Content starts
Lemma sp_interior_beta f L R i : shortest f -> min_at dd f L -> max_at dd f R ->
  L < i -> i < R -> beta i (f i).
Proof.
move=> Sf HL HR lt_Li lt_iR; have [_ _ Wf] := Sf.
have [b Hb] := ex_beta i.
suff le_bf : (b <= f i)%O.
  split=> [|w /reach_inE rw]; first exact/reach_inE/(sp_reach_s Sf HR (leqnn i) lt_iR).
  exact: le_trans (beta_ge Hb rw) le_bf.
(* Otherwise the predecessor u of b on a walk gives u <= beta_s(k) < f k.+1 < b < f k.+2,
   and the X-property yields the shortcut u -- f k.+2. *)
case: i lt_Li lt_iR Hb => [// | k] lt_Lk lt_kR Hb.
rewrite leNgt; apply/negP => lt_fb.
have [b0 Hb0] := ex_beta k.
have lt_b0f := sp_above_beta Sf HL HR lt_Lk (ltnW lt_kR) Hb0.
have lt_bf := sp_above_beta Sf HL HR (ltnW lt_Lk) lt_kR Hb.
have [rb | [u [ru eub _]]] := reach_predecessor (beta_reach Hb).
  by have := lt_trans (le_lt_trans (beta_ge Hb0 rb) lt_b0f) lt_fb; rewrite ltxx.
have lt_uf : (u < f k.+1)%O := le_lt_trans (beta_ge Hb0 ru) lt_b0f.
have le_kd : k.+1 < dd := leq_trans lt_kR HR.1.
have euf : e u (f k.+2) := e_X lt_uf lt_fb lt_bf eub (Wf _ le_kd).
exact: sp_far Sf (ltnSn k.+1) le_kd (dist_snoc (reach_s_dist ru) euf).
Qed.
Content ends
Everything from the line with "have euf : e" through the last line of the material above should be echoed exactly, and nothing else.

have euf : e u (f k.+2) := e_X lt_uf lt_fb lt_bf eub (Wf _ le_kd).
exact: sp_far Sf (ltnSn k.+1) le_kd (dist_snoc (reach_s_dist ru) euf).
Qed.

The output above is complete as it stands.